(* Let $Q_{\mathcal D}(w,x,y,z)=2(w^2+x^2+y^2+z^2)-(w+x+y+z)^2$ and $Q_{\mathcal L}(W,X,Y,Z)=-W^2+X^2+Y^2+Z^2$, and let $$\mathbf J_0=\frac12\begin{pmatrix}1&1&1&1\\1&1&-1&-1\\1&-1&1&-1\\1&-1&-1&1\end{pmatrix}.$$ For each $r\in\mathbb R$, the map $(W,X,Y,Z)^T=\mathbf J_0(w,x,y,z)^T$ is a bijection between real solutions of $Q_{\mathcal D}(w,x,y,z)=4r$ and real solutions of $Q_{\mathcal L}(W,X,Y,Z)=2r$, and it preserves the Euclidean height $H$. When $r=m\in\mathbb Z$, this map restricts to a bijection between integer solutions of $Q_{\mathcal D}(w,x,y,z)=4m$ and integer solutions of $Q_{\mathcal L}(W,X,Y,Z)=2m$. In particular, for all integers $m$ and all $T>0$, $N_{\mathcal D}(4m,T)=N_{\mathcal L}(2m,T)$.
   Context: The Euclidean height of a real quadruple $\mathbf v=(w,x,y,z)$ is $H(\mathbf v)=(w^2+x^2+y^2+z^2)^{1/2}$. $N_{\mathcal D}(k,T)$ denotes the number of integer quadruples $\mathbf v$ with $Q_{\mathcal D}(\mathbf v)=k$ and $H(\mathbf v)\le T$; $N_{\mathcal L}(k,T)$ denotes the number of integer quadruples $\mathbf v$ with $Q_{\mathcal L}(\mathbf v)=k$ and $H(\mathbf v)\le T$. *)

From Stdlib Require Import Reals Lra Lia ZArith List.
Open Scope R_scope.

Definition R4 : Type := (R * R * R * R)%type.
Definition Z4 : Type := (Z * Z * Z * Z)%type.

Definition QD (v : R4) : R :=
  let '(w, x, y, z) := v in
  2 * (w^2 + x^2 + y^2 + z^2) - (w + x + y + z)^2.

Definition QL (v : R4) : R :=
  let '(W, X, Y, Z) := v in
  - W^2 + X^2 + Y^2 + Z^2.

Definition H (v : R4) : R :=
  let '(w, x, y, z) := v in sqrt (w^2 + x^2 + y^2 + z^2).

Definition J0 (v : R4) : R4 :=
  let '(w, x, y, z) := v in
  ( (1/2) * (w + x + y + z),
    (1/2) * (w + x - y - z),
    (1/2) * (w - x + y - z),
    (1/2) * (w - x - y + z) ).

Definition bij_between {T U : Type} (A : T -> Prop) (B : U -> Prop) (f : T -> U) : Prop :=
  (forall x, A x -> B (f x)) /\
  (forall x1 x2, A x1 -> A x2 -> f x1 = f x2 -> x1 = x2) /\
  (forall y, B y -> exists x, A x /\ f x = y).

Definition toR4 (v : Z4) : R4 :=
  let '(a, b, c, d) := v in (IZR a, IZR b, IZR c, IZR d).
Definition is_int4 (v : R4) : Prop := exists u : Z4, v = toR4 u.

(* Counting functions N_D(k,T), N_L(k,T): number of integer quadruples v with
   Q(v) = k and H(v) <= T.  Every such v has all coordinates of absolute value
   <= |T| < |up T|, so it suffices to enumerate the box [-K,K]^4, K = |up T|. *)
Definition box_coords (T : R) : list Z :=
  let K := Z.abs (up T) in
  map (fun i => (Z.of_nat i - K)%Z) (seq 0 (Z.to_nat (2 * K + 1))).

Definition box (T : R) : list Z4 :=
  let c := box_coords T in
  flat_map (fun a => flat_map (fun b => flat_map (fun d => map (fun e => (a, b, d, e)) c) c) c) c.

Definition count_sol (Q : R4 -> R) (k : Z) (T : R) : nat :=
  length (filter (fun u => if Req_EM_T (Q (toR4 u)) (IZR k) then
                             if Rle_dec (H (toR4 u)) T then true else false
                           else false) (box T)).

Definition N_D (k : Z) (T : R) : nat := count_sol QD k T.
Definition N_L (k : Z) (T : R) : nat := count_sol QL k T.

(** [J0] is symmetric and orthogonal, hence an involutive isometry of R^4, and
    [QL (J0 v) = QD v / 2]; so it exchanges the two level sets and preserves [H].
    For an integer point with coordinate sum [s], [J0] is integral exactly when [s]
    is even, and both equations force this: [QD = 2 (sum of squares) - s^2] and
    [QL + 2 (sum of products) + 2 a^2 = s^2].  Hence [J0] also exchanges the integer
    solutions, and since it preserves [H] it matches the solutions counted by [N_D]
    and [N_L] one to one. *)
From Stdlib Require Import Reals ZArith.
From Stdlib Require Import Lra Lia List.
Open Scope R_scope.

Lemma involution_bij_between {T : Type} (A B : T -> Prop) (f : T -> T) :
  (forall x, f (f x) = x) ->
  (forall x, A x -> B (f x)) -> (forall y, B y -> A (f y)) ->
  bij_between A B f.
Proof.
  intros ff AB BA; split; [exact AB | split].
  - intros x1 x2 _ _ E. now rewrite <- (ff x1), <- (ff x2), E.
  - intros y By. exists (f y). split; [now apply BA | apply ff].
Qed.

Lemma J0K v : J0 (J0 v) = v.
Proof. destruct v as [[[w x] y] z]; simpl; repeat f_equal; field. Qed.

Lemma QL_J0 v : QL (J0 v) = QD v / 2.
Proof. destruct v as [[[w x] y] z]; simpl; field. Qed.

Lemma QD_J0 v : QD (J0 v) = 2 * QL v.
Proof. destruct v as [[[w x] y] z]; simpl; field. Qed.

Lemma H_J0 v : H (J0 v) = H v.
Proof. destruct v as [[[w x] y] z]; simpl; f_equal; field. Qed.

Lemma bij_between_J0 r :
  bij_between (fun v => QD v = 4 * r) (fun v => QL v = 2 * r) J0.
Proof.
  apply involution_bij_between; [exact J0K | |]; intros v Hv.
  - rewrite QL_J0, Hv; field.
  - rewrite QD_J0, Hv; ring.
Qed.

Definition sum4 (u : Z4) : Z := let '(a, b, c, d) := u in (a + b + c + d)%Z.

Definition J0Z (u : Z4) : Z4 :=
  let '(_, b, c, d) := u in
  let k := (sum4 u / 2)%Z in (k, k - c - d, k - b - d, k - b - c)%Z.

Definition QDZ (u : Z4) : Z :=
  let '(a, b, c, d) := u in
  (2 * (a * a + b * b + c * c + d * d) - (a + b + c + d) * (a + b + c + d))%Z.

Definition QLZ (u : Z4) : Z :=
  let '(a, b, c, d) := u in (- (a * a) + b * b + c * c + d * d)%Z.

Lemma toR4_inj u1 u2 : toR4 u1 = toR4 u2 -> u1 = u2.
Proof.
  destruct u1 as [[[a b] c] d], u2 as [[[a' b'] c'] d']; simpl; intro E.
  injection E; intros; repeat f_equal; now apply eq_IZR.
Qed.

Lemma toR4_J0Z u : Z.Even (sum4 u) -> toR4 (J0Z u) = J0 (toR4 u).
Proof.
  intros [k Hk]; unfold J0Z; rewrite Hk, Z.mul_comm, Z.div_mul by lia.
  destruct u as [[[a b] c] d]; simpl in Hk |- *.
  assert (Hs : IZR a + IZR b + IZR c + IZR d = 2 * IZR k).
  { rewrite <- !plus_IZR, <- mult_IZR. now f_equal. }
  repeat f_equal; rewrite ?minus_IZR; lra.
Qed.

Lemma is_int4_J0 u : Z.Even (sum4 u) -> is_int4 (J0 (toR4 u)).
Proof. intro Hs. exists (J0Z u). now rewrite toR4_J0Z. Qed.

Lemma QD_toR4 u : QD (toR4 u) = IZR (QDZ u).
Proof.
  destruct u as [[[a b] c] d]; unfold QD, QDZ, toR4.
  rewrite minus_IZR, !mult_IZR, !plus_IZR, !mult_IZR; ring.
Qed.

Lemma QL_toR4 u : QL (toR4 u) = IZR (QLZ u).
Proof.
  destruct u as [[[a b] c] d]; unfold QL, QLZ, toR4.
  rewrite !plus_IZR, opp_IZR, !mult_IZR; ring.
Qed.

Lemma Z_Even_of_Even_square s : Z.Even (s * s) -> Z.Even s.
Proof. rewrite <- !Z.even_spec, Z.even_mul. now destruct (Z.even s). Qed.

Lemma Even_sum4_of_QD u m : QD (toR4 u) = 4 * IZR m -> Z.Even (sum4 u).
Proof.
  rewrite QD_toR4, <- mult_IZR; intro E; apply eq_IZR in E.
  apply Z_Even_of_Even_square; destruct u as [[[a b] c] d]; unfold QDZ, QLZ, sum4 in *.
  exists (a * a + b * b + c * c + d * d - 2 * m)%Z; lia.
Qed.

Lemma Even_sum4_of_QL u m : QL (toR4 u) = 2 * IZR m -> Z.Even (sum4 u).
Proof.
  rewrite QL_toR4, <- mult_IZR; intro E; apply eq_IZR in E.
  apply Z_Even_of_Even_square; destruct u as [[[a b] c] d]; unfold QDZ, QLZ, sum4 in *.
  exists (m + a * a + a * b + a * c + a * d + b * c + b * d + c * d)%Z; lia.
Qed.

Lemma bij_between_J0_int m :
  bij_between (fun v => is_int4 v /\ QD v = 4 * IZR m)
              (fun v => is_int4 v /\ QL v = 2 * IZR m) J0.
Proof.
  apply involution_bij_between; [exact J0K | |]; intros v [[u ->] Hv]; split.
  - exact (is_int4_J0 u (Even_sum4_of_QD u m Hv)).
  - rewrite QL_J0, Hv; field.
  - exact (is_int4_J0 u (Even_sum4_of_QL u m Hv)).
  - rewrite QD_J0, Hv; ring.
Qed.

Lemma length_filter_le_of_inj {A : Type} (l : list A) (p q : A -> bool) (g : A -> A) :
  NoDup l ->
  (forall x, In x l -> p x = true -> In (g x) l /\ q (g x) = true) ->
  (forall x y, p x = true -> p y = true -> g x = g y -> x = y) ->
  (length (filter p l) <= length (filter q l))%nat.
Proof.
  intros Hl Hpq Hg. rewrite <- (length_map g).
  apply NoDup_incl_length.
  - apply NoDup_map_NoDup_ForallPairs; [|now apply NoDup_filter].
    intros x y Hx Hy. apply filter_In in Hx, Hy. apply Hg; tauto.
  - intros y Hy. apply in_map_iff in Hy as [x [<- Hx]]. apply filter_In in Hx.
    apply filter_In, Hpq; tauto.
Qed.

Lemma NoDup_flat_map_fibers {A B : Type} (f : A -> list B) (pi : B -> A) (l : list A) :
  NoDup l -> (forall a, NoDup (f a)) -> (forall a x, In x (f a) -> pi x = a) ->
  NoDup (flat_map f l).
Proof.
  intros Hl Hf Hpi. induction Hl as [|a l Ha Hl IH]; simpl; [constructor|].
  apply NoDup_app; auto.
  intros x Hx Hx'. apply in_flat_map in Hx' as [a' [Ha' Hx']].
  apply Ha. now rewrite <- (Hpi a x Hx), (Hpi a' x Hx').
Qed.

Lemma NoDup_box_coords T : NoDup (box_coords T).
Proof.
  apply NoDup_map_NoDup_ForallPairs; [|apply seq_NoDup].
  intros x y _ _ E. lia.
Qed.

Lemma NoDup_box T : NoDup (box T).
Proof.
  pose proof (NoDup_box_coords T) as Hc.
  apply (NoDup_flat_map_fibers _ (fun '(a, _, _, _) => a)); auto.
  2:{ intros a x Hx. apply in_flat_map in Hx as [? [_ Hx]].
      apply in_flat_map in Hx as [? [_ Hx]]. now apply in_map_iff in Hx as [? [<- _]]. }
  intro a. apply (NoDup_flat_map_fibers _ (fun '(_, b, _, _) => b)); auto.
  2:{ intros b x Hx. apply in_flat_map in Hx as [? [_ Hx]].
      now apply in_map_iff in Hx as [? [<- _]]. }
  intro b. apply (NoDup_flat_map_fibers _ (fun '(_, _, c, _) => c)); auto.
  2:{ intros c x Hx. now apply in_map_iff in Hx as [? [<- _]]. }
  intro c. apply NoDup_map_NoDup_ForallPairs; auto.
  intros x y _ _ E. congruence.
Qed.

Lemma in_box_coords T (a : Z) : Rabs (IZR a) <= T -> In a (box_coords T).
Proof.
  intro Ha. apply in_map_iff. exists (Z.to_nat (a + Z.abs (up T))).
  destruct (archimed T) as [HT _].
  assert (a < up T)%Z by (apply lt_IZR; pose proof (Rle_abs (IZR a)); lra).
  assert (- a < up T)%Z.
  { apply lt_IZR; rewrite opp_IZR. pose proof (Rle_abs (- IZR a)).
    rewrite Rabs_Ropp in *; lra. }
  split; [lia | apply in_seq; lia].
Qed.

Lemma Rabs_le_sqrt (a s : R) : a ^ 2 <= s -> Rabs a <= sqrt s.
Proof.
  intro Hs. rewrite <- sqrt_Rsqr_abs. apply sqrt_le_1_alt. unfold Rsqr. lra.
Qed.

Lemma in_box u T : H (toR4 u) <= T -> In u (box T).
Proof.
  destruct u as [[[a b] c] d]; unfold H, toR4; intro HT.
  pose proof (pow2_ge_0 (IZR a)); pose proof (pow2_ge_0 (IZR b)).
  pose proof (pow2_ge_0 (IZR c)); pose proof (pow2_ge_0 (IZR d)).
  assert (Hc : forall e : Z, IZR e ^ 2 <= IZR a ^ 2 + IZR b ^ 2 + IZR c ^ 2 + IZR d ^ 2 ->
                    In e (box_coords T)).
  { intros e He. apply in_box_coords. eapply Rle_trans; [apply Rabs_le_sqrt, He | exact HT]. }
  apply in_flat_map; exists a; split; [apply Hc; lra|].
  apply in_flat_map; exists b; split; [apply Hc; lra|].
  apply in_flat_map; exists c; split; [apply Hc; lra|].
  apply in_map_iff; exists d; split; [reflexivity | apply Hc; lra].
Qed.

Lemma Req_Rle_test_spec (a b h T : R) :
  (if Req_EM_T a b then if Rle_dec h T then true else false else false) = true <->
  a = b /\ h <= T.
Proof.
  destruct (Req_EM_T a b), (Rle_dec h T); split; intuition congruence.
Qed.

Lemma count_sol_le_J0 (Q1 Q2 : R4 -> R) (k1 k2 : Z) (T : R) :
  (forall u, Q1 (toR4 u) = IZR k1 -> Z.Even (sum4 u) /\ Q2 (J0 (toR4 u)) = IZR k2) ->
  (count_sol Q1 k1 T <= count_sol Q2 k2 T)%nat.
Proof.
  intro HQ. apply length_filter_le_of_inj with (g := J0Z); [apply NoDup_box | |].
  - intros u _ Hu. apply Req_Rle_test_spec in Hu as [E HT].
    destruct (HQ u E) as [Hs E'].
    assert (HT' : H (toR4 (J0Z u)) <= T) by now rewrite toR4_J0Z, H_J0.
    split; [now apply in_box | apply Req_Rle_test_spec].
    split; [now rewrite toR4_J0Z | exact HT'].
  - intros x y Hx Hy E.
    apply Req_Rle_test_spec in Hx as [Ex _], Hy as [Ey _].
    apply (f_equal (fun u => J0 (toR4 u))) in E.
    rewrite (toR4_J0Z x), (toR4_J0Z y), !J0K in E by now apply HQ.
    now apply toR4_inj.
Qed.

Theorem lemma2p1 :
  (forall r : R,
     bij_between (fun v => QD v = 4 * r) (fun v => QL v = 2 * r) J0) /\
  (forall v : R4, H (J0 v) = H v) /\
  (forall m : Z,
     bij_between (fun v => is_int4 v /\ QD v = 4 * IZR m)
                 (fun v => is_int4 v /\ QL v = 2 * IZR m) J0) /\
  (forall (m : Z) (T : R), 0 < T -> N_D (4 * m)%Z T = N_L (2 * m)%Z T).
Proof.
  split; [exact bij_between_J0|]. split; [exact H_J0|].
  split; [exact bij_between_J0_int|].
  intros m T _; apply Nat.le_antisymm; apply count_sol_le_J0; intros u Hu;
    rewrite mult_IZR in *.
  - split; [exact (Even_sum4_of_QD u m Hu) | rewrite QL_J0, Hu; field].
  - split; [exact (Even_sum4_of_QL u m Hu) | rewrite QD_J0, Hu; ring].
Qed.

WORK ITEM
From the data above, return every line from the line that has "split; [now rewrite" up to and including the line that has "rewrite mult_IZR in *.", exactly.

REPLY TO THE EXERCISE
    split; [now rewrite toR4_J0Z | exact HT'].
  - intros x y Hx Hy E.
    apply Req_Rle_test_spec in Hx as [Ex _], Hy as [Ey _].
    apply (f_equal (fun u => J0 (toR4 u))) in E.
    rewrite (toR4_J0Z x), (toR4_J0Z y), !J0K in E by now apply HQ.
    now apply toR4_inj.
Qed.

Theorem lemma2p1 :
  (forall r : R,
     bij_between (fun v => QD v = 4 * r) (fun v => QL v = 2 * r) J0) /\
  (forall v : R4, H (J0 v) = H v) /\
  (forall m : Z,
     bij_between (fun v => is_int4 v /\ QD v = 4 * IZR m)
                 (fun v => is_int4 v /\ QL v = 2 * IZR m) J0) /\
  (forall (m : Z) (T : R), 0 < T -> N_D (4 * m)%Z T = N_L (2 * m)%Z T).
Proof.
  split; [exact bij_between_J0|]. split; [exact H_J0|].
  split; [exact bij_between_J0_int|].
  intros m T _; apply Nat.le_antisymm; apply count_sol_le_J0; intros u Hu;
    rewrite mult_IZR in *.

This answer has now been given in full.